Читать книгу Поэтика моды - Инна Осиновская - Страница 4
Мода в философском дискурсе
Метафора времени
ОглавлениеВот два простых высказывания: «Это платье теперь в моде» и «Надо следовать моде». На примере этих предложений выявляются два простых значения слова «мода». В первом случае речь идет о наборе определенных свойств, носящих ситуативный, сиюминутный характер. «Теперь в моде» – значит, именно сейчас, в конкретной ситуации, в данном контексте и в определенном временном отрезке. А в высказывании – мода выступает как неизменный принцип, как догма, как закон, как императив. И обе эти ипостаси моды по-своему коррелируют с понятием времени.
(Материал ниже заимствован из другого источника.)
(* Let $\mathcal{S}$ be the stabilizer group of an $[[n,1,3]]$ stabilizer code on $n$ qubits. Let $g \in \mathcal{S}$ be a stabilizer generator of weight $w_g > 3$, written as $g = P_{a_1} P_{a_2} \cdots P_{a_{w_g}}$, where $a_1, \dots, a_{w_g}$ are the distinct qubits on which $g$ acts nontrivially, listed in the order in which the ancilla-controlled gates $\mathrm{C}\text{-}P_{a_1}, \dots, \mathrm{C}\text{-}P_{a_{w_g}}$ are applied during bare-ancilla syndrome extraction, and each $P_{a_i} \in \{X, Y, Z\}$ acts on qubit $a_i$. For $1 \le i \le w_g$ let $\rho_g(a_i) = \prod_{j \ge i} P_{a_j}$ (the hook error on the data qubits caused by a single Pauli error on the ancilla immediately before the gate $\mathrm{C}\text{-}P_{a_i}$), and let $$\mathcal{U}_g = \{\rho_g(a_i) : 1\le i\le w_g,\ w(\rho_g(a_i)) > 1 \text{ and } w(\rho_g(a_i)\, s) > 1 \text{ for all } s \in \mathcal{S}\}.$$ Then $|\mathcal{U}_g| \le w_g - 3$.
   Context: For a Pauli operator $E$ on $n$ qubits, $w(E)$ denotes its weight, i.e. the number of qubits on which $E$ acts nontrivially (global phases are ignored). The weight $w_g$ of a generator $g$ is its weight in this sense. Bare-ancilla syndrome extraction of $g$: a single ancilla is prepared in $|+\rangle$, the ancilla-controlled gates $\mathrm{C}\text{-}P_{a_1}, \dots, \mathrm{C}\text{-}P_{a_{w_g}}$ targeting the data qubits $a_1,\dots,a_{w_g}$ are applied in this order, and the ancilla is measured in the $X$ basis. Elements of $\mathcal{U}_g$ are called uncorrectable hook errors. *)

From mathcomp Require Import all_boot all_order all_algebra.
Set Implicit Arguments. Unset Strict Implicit. Unset Printing Implicit Defensive.
Import GRing.Theory.

(* Single-qubit Pauli (modulo phase) in symplectic form (x, z):
   I = (false,false), X = (true,false), Z = (false,true), Y = (true,true). *)
Definition pauli1 := (bool * bool)%type.
Definition pI : pauli1 := (false, false).

(* Exponent k such that  a * b = i^k * (a xor b)  for single-qubit Paulis
   (Y is the Hermitian Y = iXZ). *)
Definition phase1 (a b : pauli1) : nat :=
  match a, b with
  | (true, false), (false, true) => 3   (* X Z = -i Y *)
  | (false, true), (true, false) => 1   (* Z X =  i Y *)
  | (true, false), (true, true)  => 1   (* X Y =  i Z *)
  | (true, true),  (true, false) => 3   (* Y X = -i Z *)
  | (true, true),  (false, true) => 1   (* Y Z =  i X *)
  | (false, true), (true, true)  => 3   (* Z Y = -i X *)
  | _, _ => 0
  end.

Definition xor1 (a b : pauli1) : pauli1 := (a.1 (+) b.1, a.2 (+) b.2).

(* An n-qubit Pauli operator  i^k * P_1 (x) ... (x) P_n, k in Z/4. *)
Definition pauli (n : nat) := ('Z_4 * {ffun 'I_n -> pauli1})%type.

Definition pmul n (E F : pauli n) : pauli n :=
  ((E.1 + F.1 + \sum_(i < n) (phase1 (E.2 i) (F.2 i))%:R)%R,
   [ffun i => xor1 (E.2 i) (F.2 i)]).

Definition pid n : pauli n := (0%R, [ffun => pI]).
Definition pminus_id n : pauli n := (2%:R%R, [ffun => pI]).

Definition weight n (E : pauli n) : nat := #|[set i | E.2 i != pI]|.

Definition pcommute n (E F : pauli n) : Prop := pmul E F = pmul F E.

Definition mul_closed n (T : {set pauli n}) : Prop :=
  forall E F, E \in T -> F \in T -> pmul E F \in T.

Definition stabilizer_group n (S : {set pauli n}) : Prop :=
  [/\ pid n \in S, mul_closed S,
      (forall E F, E \in S -> F \in S -> pcommute E F)
    & pminus_id n \notin S].

Definition generates n (S G : {set pauli n}) : Prop :=
  G \subset S /\
  forall T : {set pauli n}, G \subset T -> pid n \in T -> mul_closed T -> S \subset T.

Definition independent_generators n (S G : {set pauli n}) : Prop :=
  generates S G /\ forall x, x \in G -> ~ generates S (G :\ x).

Definition logical n (S : {set pauli n}) (E : pauli n) : Prop :=
  (forall s, s \in S -> pcommute E s) /\ (forall c : 'Z_4, (c, E.2) \notin S).

Definition code_distance n (S : {set pauli n}) (d : nat) : Prop :=
  (forall E, logical S E -> d <= weight E) /\
  exists E, logical S E /\ weight E = d.

Definition stabilizer_code n (k d : nat) (S G : {set pauli n}) : Prop :=
  [/\ stabilizer_group S, independent_generators S G, #|G| = n - k & code_distance S d].

(* hook error rho_g(a_i) = prod_{j >= i} P_{a_j}, where the gates act on
   qubits a 0, ..., a (w-1) in that order *)
Definition hook n (g : pauli n) w (a : 'I_w -> 'I_n) (i : 'I_w) : pauli n :=
  (0%R, [ffun q => if [exists j : 'I_w, (i <= j) && (a j == q)] then g.2 q else pI]).

Definition uncorrectable_hooks n (S : {set pauli n}) (g : pauli n) w
    (a : 'I_w -> 'I_n) : {set pauli n} :=
  [set hook g a i | i in [pred i : 'I_w | (1 < weight (hook g a i)) &&
       [forall s in S, 1 < weight (pmul (hook g a i) s)]]].

(** The hook error [hook g a i] (with 0-based [i]) is supported on the qubits
    [a i, ..., a (w-1)], so its weight is at most [w - i]; multiplying it by
    [g], which lies in the stabilizer group, leaves [P_(a 0) ... P_(a (i-1))]
    up to phase, of weight at most [i]. An uncorrectable hook therefore needs
    [2 <= i <= w - 2], which leaves [w - 3] indices. Only [g \in S] and the
    support of [g] enter the argument; the code parameters and the
    injectivity of [a] do not. *)

From mathcomp Require Import all_boot all_order all_algebra.
From mathcomp Require Import zify.

Set Implicit Arguments.
Unset Strict Implicit.
Unset Printing Implicit Defensive.

Lemma card_ord_lt w i : i <= w -> #|[set j : 'I_w | j < i]| = i.
Proof.
move=> le_iw.
have -> : [set j : 'I_w | j < i] = widen_ord le_iw @: [set: 'I_i].
  apply/setP => j; rewrite !inE; apply/idP/imsetP => [lt_ji | [k _ ->]].
    by exists (Ordinal lt_ji); last exact: val_inj.
  exact: ltn_ord k.
by rewrite card_imset ?cardsT ?card_ord // => k l /(congr1 val) /= /val_inj.
Qed.

Lemma card_ord_ge w i : i <= w -> #|[set j : 'I_w | i <= j]| = w - i.
Proof.
move=> le_iw; rewrite cardsCs card_ord -[in RHS](card_ord_lt le_iw).
by congr (_ - _); apply: eq_card => j; rewrite !inE -ltnNge.
Qed.

Lemma weight_le_card n (E : pauli n) (A : {set 'I_n}) :
  (forall q, q \notin A -> E.2 q = pI) -> weight E <= #|A|.
Proof.
move=> offA; apply: subset_leq_card; apply/subsetP => q.
by rewrite inE; apply: contraR => /offA ->.
Qed.

Lemma xor1_self (x : pauli1) : xor1 x x = pI.
Proof. by case: x => [[] []]. Qed.

Lemma xor1_pIl (x : pauli1) : xor1 pI x = x.
Proof. by case: x => [[] []]. Qed.

Section Hooks.

Variables (n : nat) (g : pauli n) (w : nat) (a : 'I_w -> 'I_n).

Lemma weight_hook (i : 'I_w) : weight (hook g a i) <= w - i.
Proof.
apply: leq_trans (weight_le_card (A := a @: [set j : 'I_w | i <= j]) _) _.
  move=> q q_out; rewrite /hook ffunE.
  case: existsP => // -[j /andP [le_ij /eqP a_j]].
  by rewrite -a_j imset_f ?inE in q_out.
apply: leq_trans (leq_imset_card _ _) _.
by rewrite card_ord_ge // ltnW.
Qed.

Hypothesis g_off : forall q, q \notin codom a -> g.2 q = pI.

Lemma weight_hook_mul (i : 'I_w) : weight (pmul (hook g a i) g) <= i.
Proof.
apply: leq_trans (weight_le_card (A := a @: [set j : 'I_w | j < i]) _) _.
  move=> q q_out; rewrite /pmul /hook /= !ffunE.
  case: existsP => [_ | no_hook]; first exact: xor1_self.
  rewrite xor1_pIl; apply: g_off; apply: contra q_out => /codomP [j q_aj].
  rewrite q_aj imset_f // inE ltnNge; apply/negP => le_ij.
  by apply: no_hook; exists j; rewrite le_ij q_aj eqxx.
apply: leq_trans (leq_imset_card _ _) _.
by rewrite card_ord_lt // ltnW.
Qed.

End Hooks.

Theorem lemma1 (n : nat) (S G : {set pauli n}) (g : pauli n)
    (w : nat) (a : 'I_w -> 'I_n) :
  stabilizer_code 1 3 S G ->
  g \in G ->
  injective a ->
  (forall q : 'I_n, (q \in codom a) = (g.2 q != pI)) ->
  3 < w ->
  #|uncorrectable_hooks S g a| <= w - 3.
Proof.
move=> [_ [[sub_GS _] _] _ _] gG _ supp_g lt3w.
have gS : g \in S by apply: (subsetP sub_GS).
have g_off q : q \notin codom a -> g.2 q = pI by rewrite supp_g negbK => /eqP.
have card_mid : #|[set i : 'I_w | 2 <= i] :\: [set i : 'I_w | w.-1 <= i]| = w - 3.
  have sub_mid : [set i : 'I_w | w.-1 <= i] \subset [set i : 'I_w | 2 <= i].
    by apply/subsetP => i; rewrite !inE; lia.
  by rewrite cardsDS // !card_ord_ge; lia.
rewrite -card_mid /uncorrectable_hooks.
apply: leq_trans (leq_imset_card _ _) (subset_leq_card _).
apply/subsetP => i /andP [hook_heavy /forallP /(_ g)]; rewrite gS /= => mul_heavy.
have := leq_trans mul_heavy (weight_hook_mul g_off i).
have := leq_trans hook_heavy (weight_hook g a i).
by rewrite !inE; lia.
Qed.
Мода в первом значении связана со временем спиралевидным способом: «моды» постоянно возвращаются, каждый раз на новом уровне. Об этом очевидном круговороте пишет Георг Зиммель в работе «Мода»: «…она (мода. – И.О.) – что особенно заметно в моде на женскую одежду – все время возвращается к прежним формам, так что ее путь можно прямо сравнить с круговоротом. Как только прежняя мода несколько забыта, нет никаких причин, препятствующих тому, чтобы вновь оживить ее…» (Зиммель 1996: 289). Российский исследователь моды Александр Гофман называет время моды «прерывным» (Гофман 2004: 71), имея в виду тот же зиммелевский «круговорот», и отмечает, что феномен прерывности связан с особенностями «социальной памяти» в моде, которой свойственно «забывание» предшествующих модных стандартов при сохранении «воспоминания» о «ценностях моды». И «это позволяет участникам моды… воспринимать старые, но забытые культурные образцы в качестве „новых”» (Гофман 1992: 78). О парадоксе-трюизме старого как нового («новое – хорошо забытое старое») рассуждал и Серен Кьеркегор в своем эссе «Повторение»: «Диалектика „повторения” несложна, ведь то, что повторяется, имело место, иначе нельзя было бы и повторить, но именно то обстоятельство, что это уже было, придает повторению новизну» (Кьеркегор 1997: 62). Если применить этот афоризм к диалектике моды, выявляется безнадежная абсурдность модного процесса (впрочем, не менее безнадежная, чем диалектика самого бытия): грааль моды, ее сокровенный смысл, «новизна» – недостижимый призрак, и то, что кажется особенно свежим, особенно новым – лишь повторение того, что было настолько давно, что стерлось из памяти или же с готовностью принимается в качестве «нового» как раз потому, что является «повторением», то есть хорошо знакомым, но чуть измененным: как, например, модель очков-авиаторов, придуманная в 1930-е годы и ставшая очень модной сейчас. Но ведь спутать прототип и новинки невозможно: другие материалы, другие цвета, чуть другая форма. О том же парадоксе говорит и Маргарет Мид в своей книге «Культура и мир детства», отмечая, что за идеей моды стоит идея непрерывности культуры. «Подчеркивая модность чего-либо, хотят сказать, что ничто важное не меняется» (Мид 1988: 345). То есть новое в моде лишь оттеняет стабильность старого.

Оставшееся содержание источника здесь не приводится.